North Dakota’s Bakken gas pipeline plan taking shape

Steve Hallstrom
Special to The Farmer
North Dakota Governor Kelly Armstrong says there may be an announcement from at least one tech giant to commit to a natural gas pipeline by the end of the year with the goal of powering a massive new data center.
Armstrong is pushing for a much-discussed energy project that would leverage the Bakken’s abundant natural gas resources to power a new wave of economic development in the rapidly expanding data center industry. In an exclusive interview with The Farmer, and AM 1090 The Flag, Armstrong outlined a vision for a west-to-east liquefied natural gas (LNG) pipeline, a project he believes could position North Dakota as a hub for tech-driven economic growth.
“There are a lot of different factors in this,” said Armstrong, “but the state’s portion of this is $100 million in capacity on the line. I’m pretty adamant the state shouldn’t build it and the state shouldn’t own it. But as opposed to just doing a fixed interest rate loan, what you need is a private company that builds that pipeline to have end-use contracts along the way, because they’re expensive to build and they’re time-consuming to build.”
North Dakota is already an energy transport hub.
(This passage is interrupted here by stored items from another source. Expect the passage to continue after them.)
Lemma dtrace_conjugate {G Gs : christoffel R n} b c {x} : U x ->
  connection_on U G -> connection_on U Gs -> torsion_free U G -> torsion_free U Gs ->
  conjugate U G g Gs -> dtrace G b c x + dtrace Gs b c x = partial b (dlogdet g c) x.
Proof.
move=> Ux cG cGs tG tGs conjG.
have dG i : has_partial b (G i c i) x := smooth_has_partial b (cG i c i) Ux.
have dGs i : has_partial b (Gs i c i) x := smooth_has_partial b (cGs i c i) Ux.
have sumG := partial_sum_ord dG.
have sumGs := partial_sum_ord dGs.
rewrite /dtrace; apply: esym.
apply: (etrans (partial_eq_on b oU Ux
  (fun y Uy => esym (trace_christoffel_conjugate c Uy tG tGs conjG)))).
apply: (etrans (partialD (has_partial_sum_ord dG)
                         (has_partial_sum_ord dGs))).
exact: (f_equal2 +%R sumG sumGs).
Qed.

Lemma dtrace_sym_conjugate {G Gs : christoffel R n} :
  connection_on U G -> connection_on U Gs -> torsion_free U G -> torsion_free U Gs ->
  conjugate U G g Gs -> dtrace_sym U G <-> dtrace_sym U Gs.
Proof.
move=> cG cGs tG tGs conjG.
apply: (dtrace_sym_affine (-1) (fun b c x => partial b (dlogdet g c) x)).
- by rewrite oppr_eq0 oner_eq0.
- by move=> x Ux b c; exact: (partial_dlogdetC b c Ux).
move=> x Ux b c; rewrite -(dtrace_conjugate b c Ux cG cGs tG tGs conjG); ring.
Qed.

End ConjugatePair.

Section GaugeTransformation.
Context {R : realType} {n : nat}.
Notation pt := 'rV[R]_n.

Definition grad_ln (h : metric_comp R n) (q : pt -> R) (m : 'I_n) (y : pt) : R :=
  \sum_k dlnq q k y * invmx (gmat h y) k m.
Lemma card_le_intersection_det (T : finType) (F : {set {set T}}) (cs : seq nat) d :
  size cs < d ->
  (\det (\matrix_(i, j)
     (\prod_(c <- cs) (#|enum_val i :&: enum_val j| + c))%N%:R : 'M[int]_#|F|) != 0)%R ->
  #|F| <= \sum_(0 <= i < d) 'C(#|T|, i).
Proof.
move=> lt_cs_d det_neq0; set M := (\matrix_(i, j) _)%R in det_neq0.
pose small := [set S : {set T} | #|S| < d].
pose A (i : 'I_#|F|) : {set T} := enum_val i.
pose B (k : 'I_#|small|) : {set T} := enum_val k.
pose G : 'M[rat]_(#|F|, #|small|) := (\matrix_(i, k) subset_coef rat cs (A i) (B k))%R.
pose H : 'M[rat]_(#|small|, #|F|) := (\matrix_(k, j) (B k \subset A j)%:R)%R.
have M_GH : map_mx intr M = (G *m H)%R.
  apply/matrixP => i j; rewrite /G /H !mxE natz.
  under [RHS]eq_bigr do rewrite !mxE.
  rewrite /B -(big_enum_val (fun S => subset_coef rat cs (A i) S * (S \subset A j)%:R)%R).
  rewrite [RHS]big_mkcond [RHS](eq_bigr (fun S : {set T} =>
    if S \subset A j then subset_coef rat cs (A i) S else 0)%R).
    by rewrite -[RHS]big_mkcond sum_subset_coef.
  move=> S _; rewrite inE; case: ltnP => [_|le_dS].
    by case: (S \subset _); rewrite ?mulr1 ?mulr0.
  by rewrite subset_coef_eq0 ?mul0r ?if_same // (leq_trans lt_cs_d).
have rank_M : \rank (map_mx (intr : int -> rat) M) = #|F|.
  by apply: mxrank_unit; rewrite unitmxE unitfE det_map_mx intr_eq0.
by rewrite -card_subsets_lt -rank_M M_GH (leq_trans (mxrankM_maxl G H)) ?rank_leq_col.
Qed.

Lemma mod_interval_mem q s (L : {set 'I_q}) : mod_interval s L ->
  exists a, forall (l : 'I_q) v, v = l %[mod q] ->
    l \in L <-> exists2 j, j < s & a + j == v %[mod q].
Proof.
case=> a L_def; exists a => l v v_l; rewrite L_def v_l modn_small //.
split=> [/hasP[j]|[j lt_js aj]]; last by apply/hasP; exists j; rewrite ?mem_iota.
by rewrite mem_iota => /andP[_ lt_js]; exists j.
Qed.

Theorem mainTheorem16 (p n s : nat) (L : {set 'I_(p ^ 2)}) (F : {set {set 'I_n}}) :
  prime p -> 1 <= s <= p ^ 2 - 1 -> mod_interval s L ->
  mod_L_avoiding L F -> mod_L_intersecting L F ->
  #|F| <= \sum_(0 <= i < 2 * s) 'C(n, i).
Proof.
move=> p_pr /andP[s_gt0 le_s_q1] /mod_interval_mem[a L_mem] F_avoid F_int.
have q_gt0 : 0 < p ^ 2 by rewrite expn_gt0 prime_gt0.
have le_sq : s <= p ^ 2 by lia.
suff : #|F| <= \sum_(0 <= i < 2 * s) 'C(#|'I_n|, i) by rewrite card_ord.
apply: (card_le_intersection_det (cs := window_shifts p a s)).
  by rewrite size_map; exact: size_offsets (prime_gt0 p_pr) s_gt0.
apply: (@det_neq0_logn p _ (fun i j => window_prod p a s #|enum_val i :&: enum_val j|)
  (s.-1 %/ p).+1 p_pr) => [i j|i|i j neq_ij]; first exact: window_prod_gt0.
- rewrite setIid; apply: logn_window_prod_out => // j lt_js; apply/negP => aj.
  pose l := Ordinal (ltn_pmod #|enum_val i| q_gt0).
  have size_l : #|enum_val i| = l %[mod p ^ 2] by rewrite modn_mod.
  have l_in : l \in L by apply/(L_mem l _ size_l); exists j.
  exact: F_avoid (enum_valP i) l l_in size_l.
- have [|l l_in size_l] := F_int _ _ (enum_valP i) (enum_valP j).
    by rewrite (inj_eq enum_val_inj).
  by have /(L_mem l _ size_l)[k lt_ks] := l_in; apply: logn_window_prod_in.
Qed.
According to the North Dakota Pipeline Authority, the state had over 20,000 miles of pipelines at the end of 2024, including approximately 7,000 miles of crude oil pipelines, 9,000 miles of natural gas pipelines, and 4,000 miles of other “refined product” pipelines. The Dakota Access Pipeline, a 1,172-mile crude oil pipeline operational since 2017, is among the most prominent, transporting up to 750,000 barrels of oil daily from the Bakken Formation to Illinois. Additionally, the state has seen recent developments like the Summit Carbon Solutions’ CO2 pipeline, approved in 2024, which is projected to span more than 2,500 miles across five states for carbon sequestration.